======== RECORDS TO PROCESS

Theorem proposition3p19 (k : fieldType) (A H : kalg k)
    (HA : hopf_algebroid A H)
    (Hb : quotient_alg (st_ideal HA))
    (Q : pushout (fun a => q_map Hb (ha_s HA a)) (ha_s HA)) :
  (* a Hopf ideal is normal iff its affine subgroupoid is normal *)
  (forall I : H -> Prop, hopf_ideal HA I ->
     (normal_hopf_ideal Hb Q I <-> normal_affine_subgroupoid HA I)) /\
  (* injectivity of I |-> G_{H/I} on normal Hopf ideals *)
  (forall I J : H -> Prop,
     normal_hopf_ideal Hb Q I -> normal_hopf_ideal Hb Q J ->
     same_subgroupoid I J -> forall x, I x <-> J x) /\
  (* surjectivity onto normal affine subgroupoids *)
  (forall I : H -> Prop, hopf_ideal HA I -> normal_affine_subgroupoid HA I ->
     exists J : H -> Prop, normal_hopf_ideal Hb Q J /\ same_subgroupoid I J).
Proof.
split=> [I hI|].
  by split; [exact: normal_hopf_ideal_affine | exact: normal_affine_hopf_ideal].
split=> [I J [[idI _ _ _] _] [[idJ _ _ _] _]|I hI normI].
  exact: same_subgroupoid_eq.
by exists I; split; [exact: normal_affine_hopf_ideal | move=> R phi].
Qed.
(* The variety $\mathbf{K}_2$ is not locally finite; in fact its free algebra on one generator is infinite.
   Context: A pseudocomplemented de Morgan algebra is $(L;\wedge,\vee,{}^\ast,{}^\prime,0,1)$ with bounded distributive lattice reduct, pseudocomplement ${}^\ast$ and de Morgan involution ${}^\prime$. With $x^{0(\prime\ast)}=x$, $x^{(k+1)(\prime\ast)}=((x^{k(\prime\ast)})')^\ast$, $\mathbf{K}_2$ is the variety of such algebras satisfying $x\wedge x^{\prime\ast\prime}\le y\vee y^\ast$ (regularity), $x\wedge x'\le y\vee y'$ (Kleene), and $(x\wedge x^{\prime\ast})^{2(\prime\ast)}=(x\wedge x^{\prime\ast})^{3(\prime\ast)}$ (range $2$). *)

From Stdlib Require Import Arith.

Record PDMStruct := {
  car   : Type;
  meet  : car -> car -> car;
  join  : car -> car -> car;
  star  : car -> car;
  prim  : car -> car;
  bot   : car;
  top   : car
}.

Definition le (A : PDMStruct) (x y : car A) : Prop := meet A x y = x.

Definition is_bdl (A : PDMStruct) : Prop :=
  (forall x y z, meet A x (meet A y z) = meet A (meet A x y) z) /\
  (forall x y z, join A x (join A y z) = join A (join A x y) z) /\
  (forall x y, meet A x y = meet A y x) /\
  (forall x y, join A x y = join A y x) /\
  (forall x y, meet A x (join A x y) = x) /\
  (forall x y, join A x (meet A x y) = x) /\
  (forall x y z, meet A x (join A y z) = join A (meet A x y) (meet A x z)) /\
  (forall x, join A x (bot A) = x) /\
  (forall x, meet A x (top A) = x).

Definition is_pseudocomplement (A : PDMStruct) : Prop :=
  forall x y, meet A x y = bot A <-> le A y (star A x).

================

**WHAT TO DO:** All entries above are to be repeated verbatim, down to the last line.

**OUTPUT BELOW:**
Theorem proposition3p19 (k : fieldType) (A H : kalg k)
    (HA : hopf_algebroid A H)
    (Hb : quotient_alg (st_ideal HA))
    (Q : pushout (fun a => q_map Hb (ha_s HA a)) (ha_s HA)) :
  (* a Hopf ideal is normal iff its affine subgroupoid is normal *)
  (forall I : H -> Prop, hopf_ideal HA I ->
     (normal_hopf_ideal Hb Q I <-> normal_affine_subgroupoid HA I)) /\
  (* injectivity of I |-> G_{H/I} on normal Hopf ideals *)
  (forall I J : H -> Prop,
     normal_hopf_ideal Hb Q I -> normal_hopf_ideal Hb Q J ->
     same_subgroupoid I J -> forall x, I x <-> J x) /\
  (* surjectivity onto normal affine subgroupoids *)
  (forall I : H -> Prop, hopf_ideal HA I -> normal_affine_subgroupoid HA I ->
     exists J : H -> Prop, normal_hopf_ideal Hb Q J /\ same_subgroupoid I J).
Proof.
split=> [I hI|].
  by split; [exact: normal_hopf_ideal_affine | exact: normal_affine_hopf_ideal].
split=> [I J [[idI _ _ _] _] [[idJ _ _ _] _]|I hI normI].
  exact: same_subgroupoid_eq.
by exists I; split; [exact: normal_affine_hopf_ideal | move=> R phi].
Qed.
(* The variety $\mathbf{K}_2$ is not locally finite; in fact its free algebra on one generator is infinite.
   Context: A pseudocomplemented de Morgan algebra is $(L;\wedge,\vee,{}^\ast,{}^\prime,0,1)$ with bounded distributive lattice reduct, pseudocomplement ${}^\ast$ and de Morgan involution ${}^\prime$. With $x^{0(\prime\ast)}=x$, $x^{(k+1)(\prime\ast)}=((x^{k(\prime\ast)})')^\ast$, $\mathbf{K}_2$ is the variety of such algebras satisfying $x\wedge x^{\prime\ast\prime}\le y\vee y^\ast$ (regularity), $x\wedge x'\le y\vee y'$ (Kleene), and $(x\wedge x^{\prime\ast})^{2(\prime\ast)}=(x\wedge x^{\prime\ast})^{3(\prime\ast)}$ (range $2$). *)

From Stdlib Require Import Arith.

Record PDMStruct := {
  car   : Type;
  meet  : car -> car -> car;
  join  : car -> car -> car;
  star  : car -> car;
  prim  : car -> car;
  bot   : car;
  top   : car
}.

Definition le (A : PDMStruct) (x y : car A) : Prop := meet A x y = x.

Definition is_bdl (A : PDMStruct) : Prop :=
  (forall x y z, meet A x (meet A y z) = meet A (meet A x y) z) /\
  (forall x y z, join A x (join A y z) = join A (join A x y) z) /\
  (forall x y, meet A x y = meet A y x) /\
  (forall x y, join A x y = join A y x) /\
  (forall x y, meet A x (join A x y) = x) /\
  (forall x y, join A x (meet A x y) = x) /\
  (forall x y z, meet A x (join A y z) = join A (meet A x y) (meet A x z)) /\
  (forall x, join A x (bot A) = x) /\
  (forall x, meet A x (top A) = x).

Definition is_pseudocomplement (A : PDMStruct) : Prop :=
  forall x y, meet A x y = bot A <-> le A y (star A x).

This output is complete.